Gamede explains that the accreditation is urgent More could change training institutions in the form of a strengthening of the community service program, improvement of poor working and living conditions and adjustment of wages. Gamede says that to better equip nurses, training should be more accessible and less centralized, with nursing training institutions being more accountable. Strategy central. On paper, it looks strong and includes an emphasis on digital health technology, “harmonizing the accreditation, registration and regulation of NEIs” and “institutionalizing functional governance structures with empowered, competent, accountable and capable executives and nurse / midwife managers at national, provincial and district level. ”

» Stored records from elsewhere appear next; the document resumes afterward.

(* Let $r\ge1$, $p_n\in[0,1]$, $L\ge1$, and $\mathbf s_1,\dots,\mathbf s_L\in V(G_n)_r$ with $a=|\bigcup_{j=1}^L\bar{\mathbf s}_j|$, and assume $\bar{\mathbf s}_i\cap\bigcup_{j\ne i}\bar{\mathbf s}_j\ne\emptyset$ for all $1\le i\le L$. Then $$\big|\mathbb E[Z_{\mathbf s_1}Z_{\mathbf s_2}\cdots Z_{\mathbf s_L}]-p_n^a\big|\le(2^L-1)p_n^{a+1}.$$ Moreover, for $L=2$, $\mathbb E[Z_{\mathbf s_1}Z_{\mathbf s_2}]\ge p_n^a(1-p_n)\ge0$.
   Context: $V(G_n)$ is a finite vertex set; $V(G_n)_r$ is the set of $r$-tuples of distinct elements, $\bar{\mathbf s}$ the set of entries of $\mathbf s$. $\{X_v\}_{v\in V(G_n)}$ are i.i.d. Bernoulli$(p_n)$, $X_{\mathbf s}=\prod_{u=1}^rX_{s_u}$, $Z_{\mathbf s}=X_{\mathbf s}-p_n^r$. *)

From HB Require Import structures.
From mathcomp Require Import all_boot all_order all_algebra.
Set Implicit Arguments. Unset Strict Implicit. Unset Printing Implicit Defensive.
Import Order.TTheory GRing.Theory Num.Theory.
Local Open Scope ring_scope.

(* Probability space for i.i.d. Bernoulli(p) variables {X_v}_{v in V}:
   outcomes are configurations w : {ffun V -> bool}, X_v(w) = w v,
   with probability prod_v (p if w v else 1 - p). *)
Definition bern_weight (R : ringType) (V : finType) (p : R)
  (w : {ffun V -> bool}) : R :=
  \prod_(v : V) (if w v then p else 1 - p).

Definition Expect (R : ringType) (V : finType) (p : R)
  (F : {ffun V -> bool} -> R) : R :=
  \sum_(w : {ffun V -> bool}) bern_weight p w * F w.

Definition Xv (R : ringType) (V : finType) (w : {ffun V -> bool}) (v : V) : R :=
  (w v)%:R.

Definition Xs (R : ringType) (V : finType) (r : nat) (w : {ffun V -> bool})
  (s : r.-tuple V) : R :=
  \prod_(u < r) Xv R w (tnth s u).

Definition Zs (R : ringType) (V : finType) (r : nat) (p : R)
  (w : {ffun V -> bool}) (s : r.-tuple V) : R :=
  Xs R w s - p ^+ r.

Definition sbar (V : finType) (r : nat) (s : r.-tuple V) : {set V} :=
  [set x in s].

(* Expand the product of the centred variables X_{S_j} - p^|S_j| over the
   subsets F of indices whose X-factor is kept.  Since the X_v are independent,
   the term of F has expectation
   (-1)^(L-|F|) p^(sum_{j notin F} |S_j| + |U_{j in F} S_j|).
   F = everything gives p^a.  Any other F misses some index i, and as S_i meets
   the other sets, sum_{j notin F} |S_j| + |U_{j in F} S_j| > a; so each of the
   2^L - 1 remaining terms is at most p^(a+1) in absolute value.  For L = 2 the
   expectation is exactly p^|A u B| - p^(|A|+|B|), and |A| + |B| > |A u B|. *)

From HB Require Import structures.
From mathcomp Require Import all_boot all_order all_algebra.
From mathcomp Require Import ring.
Import Order.TTheory GRing.Theory Num.Theory.
Local Open Scope ring_scope.
Set Implicit Arguments.
Unset Strict Implicit.

Lemma prodr_natb (R : pzSemiRingType) (I : finType) (P b : pred I) :
  \prod_(i | P i) ((b i)%:R : R) = [forall (i | P i), b i]%:R.
Proof.
have nat_of_andb : {morph nat_of_bool : x y / x && y >-> (x * y)%N}.
  by move=> x y; rewrite mulnb.
have nat_of_true : nat_of_bool true = 1%N by [].
by rewrite -natr_prod -(big_morph _ nat_of_andb nat_of_true) big_andE.
Qed.

Lemma prodrDr_ffun (R : comPzSemiRingType) (I : finType) (x y : I -> R) :
  \prod_i (x i + y i)
    = \sum_(f : {ffun I -> bool}) \prod_(i | f i) x i * \prod_(i | ~~ f i) y i.
Proof.
rewrite (eq_bigr (fun i => \sum_(b : bool) if b then x i else y i)); last first.
  by move=> i _; rewrite big_bool.
rewrite bigA_distr_bigA; apply: eq_bigr => f _.
rewrite (bigID (fun i => f i)) /=.
by congr (_ * _); apply: eq_bigr => i; [move=> -> | move=> /negPf ->].
Qed.

Section Bernoulli.
Variables (R : comNzRingType) (V : finType) (p : R).
Implicit Types (w : {ffun V -> bool}) (A B : {set V}) (F G : {ffun V -> bool} -> R).

Definition Xset w A : R := (A \subset [set v | w v])%:R.

Lemma Xset0 w : Xset w set0 = 1.
Proof. by rewrite /Xset sub0set. Qed.

Lemma XsetU w A B : Xset w (A :|: B) = Xset w A * Xset w B.
Proof. by rewrite /Xset subUset -natrM mulnb. Qed.

Lemma Xset_bigcup w (I : finType) (P : pred I) (S : I -> {set V}) :
  Xset w (\bigcup_(i | P i) S i) = \prod_(i | P i) Xset w (S i).
Proof. exact: (big_morph _ (XsetU w) (Xset0 w)). Qed.

Lemma Xset_prod w A : Xset w A = \prod_(v in A) (w v)%:R.
Proof.
rewrite prodr_natb /Xset; congr (nat_of_bool _)%:R.
by apply/subsetP/forall_inP => H v /H; rewrite inE.
Qed.

Lemma Xs_Xset r w (s : r.-tuple V) : Xs R w s = Xset w (sbar s).
Proof.
rewrite /Xs /Xv /Xset prodr_natb; congr (nat_of_bool _)%:R.
apply/forallP/subsetP => [H v | H u].
  by rewrite !inE => /tnthP [u ->]; exact: H u.
by move: (H (tnth s u)); rewrite !inE mem_tnth => /(_ isT).
Qed.

Lemma eq_Expect F G : F =1 G -> Expect p F = Expect p G.
Proof. by move=> eqFG; apply: eq_bigr => w _; rewrite eqFG. Qed.

Lemma Expect_sum (I : finType) (G : I -> {ffun V -> bool} -> R) :
  Expect p (fun w => \sum_i G i w) = \sum_i Expect p (G i).
Proof. by rewrite /Expect exchange_big; apply: eq_bigr => w _; rewrite mulr_sumr. Qed.

Lemma Expect_add F G : Expect p (fun w => F w + G w) = Expect p F + Expect p G.
Proof. by rewrite /Expect -big_split; apply: eq_bigr => w _; rewrite mulrDr. Qed.

Lemma Expect_mull c F : Expect p (fun w => c * F w) = c * Expect p F.
Proof. by rewrite /Expect mulr_sumr; apply: eq_bigr => w _; rewrite mulrCA. Qed.

Lemma Expect_prod (f : V -> bool -> R) :
  Expect p (fun w => \prod_v f v (w v))
    = \prod_v (p * f v true + (1 - p) * f v false).
Proof.
rewrite /Expect /bern_weight.
rewrite (eq_bigr (fun w => \prod_v ((if w v then p else 1 - p) * f v (w v)))).
  2: by move=> w _; rewrite big_split.
rewrite -(bigA_distr_bigA (fun v b => (if b then p else 1 - p) * f v b)).
by apply: eq_bigr => v _; rewrite big_bool.
Qed.

Lemma Expect_Xset A : Expect p (fun w => Xset w A) = p ^+ #|A|.
Proof.
under eq_Expect do rewrite Xset_prod big_mkcond.
rewrite (Expect_prod (fun v b => if v \in A then b%:R else 1)) -prodr_const.
rewrite (bigID (mem A)) /= [X in _ * X]big1.
  by rewrite mulr1; apply: eq_bigr => v ->; rewrite mulr1 mulr0 addr0.
by move=> v /negPf ->; rewrite !mulr1 addrC subrK.
Qed.

Lemma Expect_prod_centered (I : finType) (S : I -> {set V}) :
  Expect p (fun w => \prod_i (Xset w (S i) - p ^+ #|S i|))
    = \sum_(f : {ffun I -> bool})
        \prod_(i | ~~ f i) - p ^+ #|S i| * p ^+ #|\bigcup_(i | f i) S i|.
Proof.
under eq_Expect do [rewrite prodrDr_ffun; under eq_bigr do rewrite -Xset_bigcup mulrC].
by rewrite Expect_sum; apply: eq_bigr => f _; rewrite Expect_mull Expect_Xset.
Qed.

Lemma Expect_pair_centered A B :
  Expect p (fun w => (Xset w A - p ^+ #|A|) * (Xset w B - p ^+ #|B|))
    = p ^+ #|A :|: B| - p ^+ (#|A| + #|B|).
Proof.
rewrite (@eq_Expect _ (fun w => Xset w (A :|: B) + (- p ^+ #|B|) * Xset w A
    + ((- p ^+ #|A|) * Xset w B + p ^+ (#|A| + #|B|) * Xset w set0))).
  2: by move=> w; rewrite XsetU Xset0 exprD; ring.
rewrite !Expect_add !Expect_mull !Expect_Xset cards0 expr0 exprD; ring.
Qed.

End Bernoulli.

Section Cardinals.
Variable T : finType.
Implicit Types A B : {set T}.

Lemma card_setU_lt A B : A :&: B != set0 -> (#|A :|: B| < #|A| + #|B|)%N.
Proof.
by rewrite setI_eq0 => /negPf disAB; rewrite (ltn_leqif (leq_card_setU A B)) disAB.
Qed.

Lemma card_bigcup_le (I : finType) (P : pred I) (S : I -> {set T}) :
  (#|\bigcup_(i | P i) S i| <= \sum_(i | P i) #|S i|)%N.
Proof.
elim/big_ind2: _ => [|m A n B leAm leBn|//]; first by rewrite cards0.
exact: leq_trans (leq_card_setU A B).1 (leq_add leAm leBn).
Qed.

Lemma card_bigcup_lt (I : finType) (P : pred I) (S : I -> {set T}) i :
  ~~ P i -> S i :&: \bigcup_(j | j != i) S j != set0 ->
  (#|\bigcup_j S j| < #|\bigcup_(j | P j) S j| + \sum_(j | ~~ P j) #|S j|)%N.
Proof.
move=> nPi meet_i.
have sub_i : \bigcup_(j | j != i) S j
    \subset \bigcup_(j | P j) S j :|: \bigcup_(j | ~~ P j && (j != i)) S j.
  apply/subsetP => x /bigcupP [j ji xj]; rewrite inE.
  by case Pj: (P j); apply/orP; [left | right]; apply/bigcupP; exists j; rewrite ?Pj.
rewrite (bigD1 i) //= [in X in (_ < X)%N](bigD1 i nPi) /= addnCA.
apply: leq_trans (card_setU_lt meet_i) _; rewrite leq_add2l.
apply: leq_trans (subset_leq_card sub_i) _.
exact: leq_trans (leq_card_setU _ _).1 (leq_add (leqnn _) (card_bigcup_le _ _)).
Qed.

End Cardinals.

Section CenteredBounds.
Variables (R : numDomainType) (V : finType) (p : R).
Hypothesis p01 : 0 <= p <= 1.

Lemma norm_centered_term_le (I : finType) (S : I -> {set V})
    (f : {ffun I -> bool}) i :
  ~~ f i -> S i :&: \bigcup_(j | j != i) S j != set0 ->
  `|\prod_(j | ~~ f j) - p ^+ #|S j| * p ^+ #|\bigcup_(j | f j) S j| |
    <= p ^+ (#|\bigcup_j S j|).+1.
Proof.
case/andP: p01 => p_ge0 p_le1 nfi meet_i.
rewrite normrM normr_prod (eq_bigr (fun j => p ^+ #|S j|)); last first.
  by move=> j _; rewrite normrN normrX ger0_norm.
rewrite normrX ger0_norm // prodrXr -exprD addnC.
exact: ler_wiXn2l p_ge0 p_le1 _ _ (card_bigcup_lt nfi meet_i).
Qed.

Lemma Expect_prod_centered_dist_le (I : finType) (S : I -> {set V}) :
  (forall i, S i :&: \bigcup_(j | j != i) S j != set0) ->
  `|Expect p (fun w => \prod_i (Xset R w (S i) - p ^+ #|S i|))
      - p ^+ #|\bigcup_i S i| |
    <= (2 ^ #|I| - 1)%:R * p ^+ (#|\bigcup_i S i|).+1.
Proof.
move=> meet.
have term_le (f : {ffun I -> bool}) : f != [ffun=> true] ->
    `|\prod_(i | ~~ f i) - p ^+ #|S i| * p ^+ #|\bigcup_(i | f i) S i| |
      <= p ^+ (#|\bigcup_i S i|).+1.
  move=> f_neq_true; have [i nfi] : exists i, ~~ f i.
    apply/existsP; apply: contraR f_neq_true => /existsPn f_true.
    by apply/eqP/ffunP => i; rewrite ffunE; move/negPn: (f_true i).
  exact: norm_centered_term_le nfi (meet i).
rewrite Expect_prod_centered (bigD1 [ffun=> true]) //= big_pred0; last first.
  by move=> i; rewrite ffunE.
rewrite mul1r (eq_bigl xpredT); last by move=> i; rewrite ffunE.
rewrite addrAC subrr add0r.
apply: le_trans (ler_norm_sum _ _ _) (le_trans (ler_sum _ term_le) _).
rewrite (eq_bigl (mem (predC1 [ffun=> true]))) // sumr_const cardC1.
by rewrite card_ffun card_bool subn1 mulr_natl.
Qed.

Lemma Expect_pair_centered_ge (A B : {set V}) :
  A :&: B != set0 ->
  p ^+ #|A :|: B| * (1 - p)
    <= Expect p (fun w => (Xset R w A - p ^+ #|A|) * (Xset R w B - p ^+ #|B|)).
Proof.
case/andP: p01 => p_ge0 p_le1 meetAB.
rewrite Expect_pair_centered mulrBr mulr1 lerD2l lerN2 -exprSr.
exact: ler_wiXn2l p_ge0 p_le1 _ _ (card_setU_lt meetAB).
Qed.

End CenteredBounds.

Theorem lemma4p1 (R : realFieldType) (V : finType) (r L : nat) (p : R)
  (s : 'I_L -> r.-tuple V) :
  (1 <= r)%N -> 0 <= p <= 1 -> (1 <= L)%N ->
  (forall j, uniq (s j)) ->
  (forall i : 'I_L,
     sbar (s i) :&: (\bigcup_(j | j != i) sbar (s j)) != set0) ->
  let a := #|\bigcup_(j < L) sbar (s j)| in
  `| Expect p (fun w => \prod_(j < L) Zs p w (s j)) - p ^+ a |
     <= (2 ^ L - 1)%:R * p ^+ a.+1
  /\ (L = 2%N ->
      p ^+ a * (1 - p) <= Expect p (fun w => \prod_(j < L) Zs p w (s j))
      /\ 0 <= p ^+ a * (1 - p)).
Proof.
move=> _ p01 _ uniq_s meet a.
have Zs_centered w j : Zs p w (s j) = Xset R w (sbar (s j)) - p ^+ #|sbar (s j)|.
  by rewrite /Zs Xs_Xset /sbar cardsE (card_uniqP (uniq_s j)) size_tuple.
under eq_Expect do under eq_bigr do rewrite Zs_centered.
split; first by have := Expect_prod_centered_dist_le p01 meet; rewrite card_ord.
move=> L2; subst L; split; last first.
  by case/andP: p01 => p_ge0 p_le1; rewrite mulr_ge0 ?exprn_ge0 ?subr_ge0.
rewrite /a !big_ord_recl !big_ord0 !setU0.
under eq_Expect do rewrite big_ord_recl big_ord1.
apply: Expect_pair_centered_ge => //.
by have := meet ord0; rewrite (big_pred1 (lift ord0 ord0)) // => -[[|[|]]].
Qed.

Rispel, who was involved in the development of the strategy, says that unfortunately little has been implemented, but the starting point would be to understand what resources are and must be available, and on that work towards it.
“One of the main recommendations was that a highly specialized human resource information and information system is needed, which should be established in the National Ministry of Health, and that we could develop credible planning models that collect information, that we can forecast, and au ch show which political levers should be used, ”she says.
Although there are different models that are already outlined in the strategy, it is clear that change would begin with implementation. Rispel says: “In our strategy we have certainly emphasized that, regardless of the modeling used, we need an additional number of health workers.”
Although SANC responded to media inquiries from Spotlight, they largely shared statistics and did not provide any significant statistics Comments on other topics.